There are disadvantages, of course – every design has drawbacks:
- It complicates the application design. Every pattern complicates application design; they’re used because the benefits outweigh the cost. In fact, they should only be used when the benefits outweigh the costs.
- Using commands complicate your controls and forms. Suppose you have a button that will be used to execute a command. Do you subclass Button so that it contains a Command and override OnClick? Do you use a normal Button and handle the Click event in the form? Change Button with MenuItem. Repeat questions.
- Debugging is a little harder. There are features in .NET 2.0 to mitigate this one.
So what does a Command look like? Well, that’s largely up to you. The bare minimum would be one method that would allow you to perform the action associated with a Command:
public interface ICommand
{
void Execute();
}
All of your concrete commands would implement this interface and when the button or menu is clicked, call command.Execute(). Easy, eh? There is a whole lot more you can do with the shared interface, however. In fact, there is a lot of common code that you can take advantage of, which is why I prefer an abstract class, like so:
public abstract class Command
{
public string Key { get; protected set; }
public string DisplayName { get; protected set; }
public bool Enabled { get; }
public abstract void Execute();
}
All the properties would have an implementation, I leave it out because I’m only concerned with API right now. We still have that abstract Execute() method, but now we have a few properties that deserve some explanation. To further separate the UI from the business logic, if the text that the user sees is associated with the command rather than the UI, then you can easily replace the commands without modifying the UI at all. This is extremely powerful when you start dealing with collections of commands that can all be handled in the same way. So that explains DisplayName.

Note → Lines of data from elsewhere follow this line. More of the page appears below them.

Lemma leaf_below v : exists2 l, leaf root par l & anc par v l.
Proof.
move: {2}#|_| (leqnn #|[set u | anc par v u]|) => k.
elim: k v => [|k IHk] v le_desc_k.
  by move: le_desc_k; rewrite leqn0 => /eqP/cards0_eq/setP/(_ v); rewrite !inE anc_refl.
have [v_leaf | /forallPn [w]] := boolP (leaf root par v).
  by exists v => //; exact: anc_refl.
rewrite negbK => w_child_v.
have [|l l_leaf w_l] := IHk w.
  by rewrite -ltnS; apply: leq_trans le_desc_k; apply/proper_card/desc_child_proper.
exists l => //; apply: anc_trans w_l.
by move/andP: w_child_v => [/eqP <- _]; exact: anc_par.
Qed.

Lemma nleaves_gt0 v : (0 < nleaves root par v)%N.
Proof.
by have [l l_leaf v_l] := leaf_below v; apply/card_gt0P; exists l; rewrite inE l_leaf.
Qed.

Lemma lcaP i j e : anc par e (lca root par i j) = anc par e i && anc par e j.
Proof.
have ex_common : exists k, anc par (iter k par i) j.
  by exists #|V|; rewrite iter_par_card //; case: tree => _; apply.
have [w w_lca] : exists w, anc par w i && anc par w j &&
    [forall w', (anc par w' i && anc par w' j) ==> anc par w' w].
  have [k k_j k_min] := ex_minnP ex_common; exists (iter k par i).
  rewrite k_j andbT; apply/andP; split; first by apply/ancP; exists k.
  apply/forallP => w'; apply/implyP => /andP [/ancP [k' <-] k'_j].
  have le_kk' : (k <= k')%N := k_min _ k'_j.
  by apply/ancP; exists (k' - k)%N; rewrite -iterD subnK.
rewrite /lca; case: pickP => [w' | /(_ w)]; last by rewrite w_lca.
move=> /andP [/andP [w'_i w'_j] /forallP w'_lowest].
apply/idP/idP => [e_w' | /(implyP (w'_lowest e)) //].
by rewrite (anc_trans e_w' w'_i) (anc_trans e_w' w'_j).
Qed.

Variables (R : realFieldType) (len : V -> R).

Definition edge_len (e : V) : R := if e == root then 0 else len e.

Lemma depth_par v : depth root par len v = edge_len v + depth root par len (par v).
Proof.
have : (0 < #|V|)%N by apply/card_gt0P; exists root.
rewrite /depth; case: #|V| (@iter_par_card) => // N iterN _.
rewrite big_ord_recl big_ord_recr /= -iterSr iterN // eqxx addr0.
congr (_ + _); apply: eq_bigr => i _; by rewrite -iterS iterSr.
Qed.

Lemma depthE v : depth root par len v = \sum_e edge_len e * (anc par e v)%:R.
Proof.
have at_root : depth root par len root = \sum_e edge_len e * (anc par e root)%:R.
  rewrite /depth !big1 // => [e _ | i _]; last by rewrite iter_par_root eqxx.
  case: (boolP (anc par e root)) => [/anc_root -> | _]; last by rewrite mulr0.
  by rewrite /edge_len eqxx mul0r.
case: tree => _ /(_ v) /ancP [k]; elim: k v => [|k IHk] v; first by move=> /= ->.
have [-> // | v_neq_root] := eqVneq v root.
rewrite iterSr => /IHk par_v_E.
rewrite depth_par par_v_E [RHS](bigD1 v) //= anc_refl mulr1.
congr (_ + _); rewrite [LHS](bigD1 v) //= (negbTE (anc_parN v_neq_root)) mulr0 add0r.
by apply: eq_bigr => e e_neq_v; rewrite [anc par e v]ancS (negbTE e_neq_v).
Qed.

Lemma depth_lca i j : depth root par len (lca root par i j) =
  \sum_e edge_len e * ((anc par e i)%:R * (anc par e j)%:R).
Proof. by rewrite depthE; apply: eq_bigr => e _; rewrite lcaP -natrM mulnb. Qed.

Hypothesis len_ge0 : forall v, 0 <= len v.
Hypothesis depth_leaf : forall l, leaf root par l -> depth root par len l = 1.

Lemma edge_len_ge0 e : 0 <= edge_len e.
Proof. by rewrite /edge_len; case: ifP. Qed.

Lemma le_depth_anc w v : anc par w v -> depth root par len w <= depth root par len v.
Proof.
move=> w_v; rewrite !depthE; apply: ler_sum => e _.
apply: ler_wpM2l; first exact: edge_len_ge0.
by case e_w: (anc par e w); rewrite ?(anc_trans e_w w_v).
Qed.

Lemma depth_le1 v : depth root par len v <= 1.
Proof. by have [l /depth_leaf <- v_l] := leaf_below v; exact: le_depth_anc. Qed.

Lemma heightE v : height root par len v = 1 - depth root par len v.
Proof.
apply/le_anti/andP; split.
  apply: bigmax_le => [|w _]; first by rewrite subr_ge0 depth_le1.
  by rewrite lerD2r depth_le1.
have [l /depth_leaf <- v_l] := leaf_below v.
exact: (le_bigmax_cond _ (fun w => depth root par len w - depth root par len v) v_l).
Qed.

Lemma height_ge0 v : 0 <= height root par len v.
Proof. by rewrite heightE subr_ge0 depth_le1. Qed.

Lemma depth_add_height v :
  \sum_e edge_len e * (anc par e v)%:R + height root par len v = 1.
Proof. by rewrite -depthE heightE addrC subrK. Qed.

Lemma ATU_entryE U i j : ATU_entry root par len U i j =
  \sum_e edge_len e * ((anc par e i)%:R * (anc par e j)%:R)
  - (ntot root par U)%:R^-1
  + (i == j)%:R * (height root par len i / (nleaves root par i)%:R).
Proof.
rewrite /ATU_entry; have [<- | _] := eqVneq i j.
  under eq_bigr => e _ do rewrite -natrM mulnb andbb.
  by rewrite -depthE heightE mulr1n; ring.
by rewrite -depth_lca heightE mulr0n; ring.
Qed.

End RootedTree.

Theorem proposition2p2 (R : realFieldType) (V : finType) (root : V)
  (par : V -> V) (len : V -> R) (U : {set V}) :
  ultrametric_radius1 root par len ->
  U != set0 -> upper_subtree par U ->
  psd (ATU root par len U).
Proof.
move=> [tree [len_ge0 depth_leaf]] _ _.
apply: (@psd_partition1 _ _ _ (edge_len root len)
  (fun e a => anc par e (enum_val a)) (fun a => height root par len (enum_val a))
  (fun a => (nleaves root par (enum_val a))%:R)).
- exact: edge_len_ge0.
- by move=> a; apply: height_ge0.
- by move=> a; rewrite ler1n nleaves_gt0.
- by move=> a; apply: depth_add_height.
move=> a b; rewrite mxE ATU_entryE // (inj_eq enum_val_inj).
by congr (_ - _^-1 + _); rewrite /ntot natr_sum big_enum_val.
Qed.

The Enabled property is fairly obvious: there are times when it would either be impossible or just plain wrong to perform an action; in those cases, you want to disable the UI so that the action cannot be performed. I’ll come back to the Enabled property in a second.
The Key property is for when Commands are grouped together in a collection. It makes sense to store most of your commands globally with the main form in a list or map. We’ll need a way to uniquely identify them so that we can retrieve them later. That’s what the Key property is for. Go to Tools -> Options in Visual Studio, select Keyboard. There you’ll see the keys for the commands in Visual Studio, no pun intended.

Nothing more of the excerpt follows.